If you are doing a FIR with constant coëfficients in an FPGA, check out "distributed arithmetic". It replaces multipliers with look-up tables and adders. Amazing technique, "indistinguishable from magic".
@sa_penguin: Sounds like you could us embedded RAM blocks and do the whole thing in real time on the FPGA. This would not require external memory, controller, DMA, etc. And the multipliers on the FPGA are very fast.
There's some hefty intellectual argument going on here. As a lew-level starter, I can can tell you what started me out: Software Defined Radio [SDR] high speed ADC's and the USB interface.
High speed USB is rated at 480Mbps, but you're lucky to get 300Mbps. A 12-bit ADC running at 120MHz produces 1.44Gbps so a little massaging is in order, along with learning about DSP...
Downsampling? Take 12 samples, multiply each by a twiddle factor, and produce a 16-bit output sample? That should be 160Mbps and slow enough to transfer.

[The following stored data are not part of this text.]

Section ville.
Context {R : realType} {d : measure_display} {T : measurableType d}.
Variables (P : probability T R) (X : nat -> {RV P >-> R}) (lam : nat -> R) (zeta : R).
Hypothesis indep : mutually_independent X.
Hypothesis lam_gt0 : forall i, 0 < lam i.
Hypothesis pois : forall i, is_poisson (X i) (lam i).

Local Notation reach := (reach X lam zeta).
Local Notation cylinder := (cylinder X).

Definition cylinder_reach_bound j N := forall a J B,
  finite_set J -> (forall i, J i -> (i < j)%N) -> (forall i, J i -> measurable (B i)) ->
  (P (cylinder J B `&` reach j a N) <= P (cylinder J B) * (expR (- a))%:E)%E.

Lemma cylinder_reach_boundS j N :
  cylinder_reach_bound j.+1 N -> cylinder_reach_bound j N.+1.
Proof.
move=> IH a J B finJ J_lt mB; have [a_le0|a_gt0] := leP a 0.
  by apply: measureI_le_mul_expR; [|exact: measurable_cylinder|exact: measurable_reach].
have notJj : ~ J j by move/J_lt; rewrite ltnn.
set A := cylinder J B; pose z (k : nat) := zeta * k%:R - lam j * (expR zeta - 1).
have mBk (k : nat) := measurable_dfwith j mB (measurable_set1 (k%:R : R)).
have P_atom k :
    P (cylinder (j |` J) (dfwith B j [set k%:R])) = ((poisson_pmf (lam j) k)%:E * P A)%E.
  rewrite independent_cylinder_setU1//; last exact: mBk.
  by rewrite dfwithin pois cylinder_dfwith.
set p := fine (P A); have PA : P A = p%:E.
  by rewrite fineK//; exact/fin_num_measure/measurable_cylinder.
apply: (le_trans (measure_le_sum_atoms (X j) _ (poisson_atoms_sum (lam_gt0 j) (pois j)) _)).
  exact/measurableI/measurable_reach/measurable_cylinder.
apply: (@le_trans _ _ (\sum_(k <oo)
    ((p * expR (- a))%:E * (poisson_pmf (lam j) k * expR (z k))%:E))%E).
  apply: lee_nneseries => [k _ _|k _]; first exact: measure_ge0.
  rewrite cylinder_reachS_atom//; apply: le_trans (IH _ _ _ _ _ _) _.
  - by rewrite finite_setU; split => //; exact: finite_set1.
  - by move=> i [->|/J_lt/ltnW].
  - exact: mBk.
  by rewrite P_atom PA -!EFinM lee_fin opprB expRD [leRHS]mulrC mulrACA.
rewrite nneseriesZl; last by move=> k _; rewrite lee_fin mulr_ge0 ?poisson_pmf_ge0 ?expR_ge0.
by rewrite poisson_pmf_series_tilt// mule1 PA -EFinM.
Qed.

Lemma cylinder_reach_le j N : cylinder_reach_bound j N.
Proof.
elim: N j => [|N IH] j; last exact/cylinder_reach_boundS/IH.
move=> a J B finJ J_lt mB; have [a_le0|a_gt0] := leP a 0.
  by apply: measureI_le_mul_expR; [|exact: measurable_cylinder|exact: measurable_reach].
by rewrite reach0// setI0 measure0 mule_ge0// ?measure_ge0// lee_fin expR_ge0.
Qed.

Lemma reach_le j a N : (P (reach j a N) <= (expR (- a))%:E)%E.
Proof.
have := @cylinder_reach_le j N a set0 (fun=> setT) (finite_set0 _)
  (fun _ => False_ind _) (fun _ _ => measurableT).
by rewrite /cylinder bigcap_set0 setTI probability_setT mul1e.
Qed.

Lemma logmart_exists_ge_le j D a :
  (P [set w | exists2 n, D n & (a <= logmart X lam zeta j n w)%R] <= (expR (- a))%:E)%E.
Proof.
have mreach N : measurable (reach j a N) by exact: measurable_reach.
apply: (@le_trans _ _ (P (\bigcup_N reach j a N))).
  apply: le_measure; rewrite ?inE; first exact/measurable_exists_ge/measurable_logmart.
    exact: bigcup_measurable.
  by move=> w [n _ a_le]; exists n => //; exists n.
apply: nondecreasing_bigcup_measure_le => //; first exact: nondecreasing_reach.
exact: reach_le.
Qed.

End ville.

Lemma esup_ge0_le_expR {R : realType} {d : measure_display} {T : measurableType d}
    (P : probability T R) (f : nat -> T -> R) (a : R) :
  (forall n, measurable_fun setT (f n)) ->
  (forall c, (P [set w | exists2 n, (0 < n)%N & (c <= f n w)%R] <= (expR (- c))%:E)%E) ->
  (P [set w | (0 <= ereal_sup [set (f n w - a)%:E | n in [set n | (0 < n)%N]])%E]
    <= (expR (- a))%:E)%E.
Proof.
move=> mf f_tail; set E := [set w | _].
have mE : measurable E.
  have mfa n : measurable_fun setT (EFin \o (fun w => f n w - a)).
    by apply/measurable_EFinP; apply: measurable_funB.
  have := measurable_fun_esups mfa 1%N measurableT (emeasurable_itv `[0%E, +oo[).
  rewrite setTI; congr measurable.
  by apply/seteqP; split => w /=; rewrite in_itv/= andbT.
have E_le eps : 0 < eps -> (P E <= (expR (- a) * expR eps)%:E)%E.
  move=> eps_gt0; rewrite -expRD addrC -opprB; apply: le_trans (f_tail _).
  apply: le_measure; rewrite ?inE//; first exact: measurable_exists_ge.
  move=> w Ew; have /ereal_sup_gt[_ [n n_gt0 <-]] :
      ((- eps)%:E < ereal_sup [set (f n w - a)%:E | n in [set n | (0 < n)%N]])%E.
    by apply: lt_le_trans Ew; rewrite lte_fin oppr_lt0.
  by rewrite lte_fin => lt_fn; exists n => //; lra.
apply/lee_addgt0Pr => delta delta_gt0.
have ea_gt0 : 0 < expR (- a) := expR_gt0 _.
have gt1 : 1 < 1 + delta / expR (- a) by rewrite ltrDl divr_gt0.
have := E_le _ (ln_gt0 gt1); rewrite lnK ?posrE ?(lt_trans ltr01 gt1)//.
by rewrite mulrDr mulr1 mulrCA divff ?gt_eqF// mulr1 EFinD.
Qed.

Theorem theorem18 (R : realType) (d : measure_display) (T : measurableType d)
  (P : probability T R) (X : nat -> {RV P >-> R}) (lam : nat -> R) :
  mutually_independent X ->
  (forall i, 0 < lam i) ->
  (forall i, is_poisson (X i) (lam i)) ->
  forall (m : nat) (theta : R), (0 < m)%N -> 0 < theta ->
  let zeta := ln (theta / lambar lam m) in
  (P [set w | (0 <= ereal_sup
        [set ((zeta * (partial_sum (fun i => X i : T -> R) n w - m%:R * theta)
               - Vfun lam zeta n + Vfun lam zeta m)%:E) | n in [set n | (0 < n)%N]])%E]
   <= ((expR (theta - lambar lam m + theta * ln (lambar lam m / theta))) ^+ m)%:E)%E.
Proof.
move=> indep lam_gt0 pois m theta m_gt0 theta_gt0; cbv zeta.
set zeta := ln (theta / lambar lam m).
have lbar_gt0 := lambar_gt0 _ _ lam_gt0 m_gt0; set l := lambar lam m in lbar_gt0 *.
set a := zeta * (m%:R * theta) - Vfun lam zeta m.
have -> : expR (theta - l + theta * ln (l / theta)) ^+ m = expR (- a).
  have expR_zeta : expR zeta = theta / l by rewrite lnK// posrE divr_gt0.
  have ln_inv : ln (l / theta) = - zeta by rewrite -invf_div lnV// posrE divr_gt0.
  rewrite -expRM_natl /a /Vfun -/l expR_zeta ln_inv; congr expR.
  by field; rewrite gt_eqF.
under eq_set => w do under eq_imagel => n _ do
  rewrite logmart_partial_sum -addrA [- _ + _]addrC -opprB -/a.
apply: esup_ge0_le_expR => [n|c]; first exact: measurable_logmart.
exact: logmart_exists_ge_le.
Qed.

But - multiplying is hard. Taking those input samples and multiplying them takes time, and all the while new samples are coming in. A simple CPU is flat out, just multiplying and moving data around. Wouldn't it be nice if I could just write factor to 12 memory locations, have a DMA point the incoming data at another 12 locations - and a single value pops out after every 12 samples? I could call it a "decimating FIR filter"... and if I want one, I need a DSP chip or an FPGA.
The worst [or best] part came when I read about using Fourier transforms [transform input, select a band of interest, translate to a lower frequency band, then do an inverse transform]. The first step in transforming is re-ordering samples. I looked at the code for this, and thought: "DMA transfer, use an incrementing counter, but flip the counter bits before they go into the DMA".
Even if it doesn't work [time will tell] the fact I'm think in terms of counters and bit order means the journey has begun. There's no turning back now.
JeffL_2 wrote: I'm looking at data sheets here for Atmel and Lattice devices, and I see no evidence that either incorporates support for JTAG.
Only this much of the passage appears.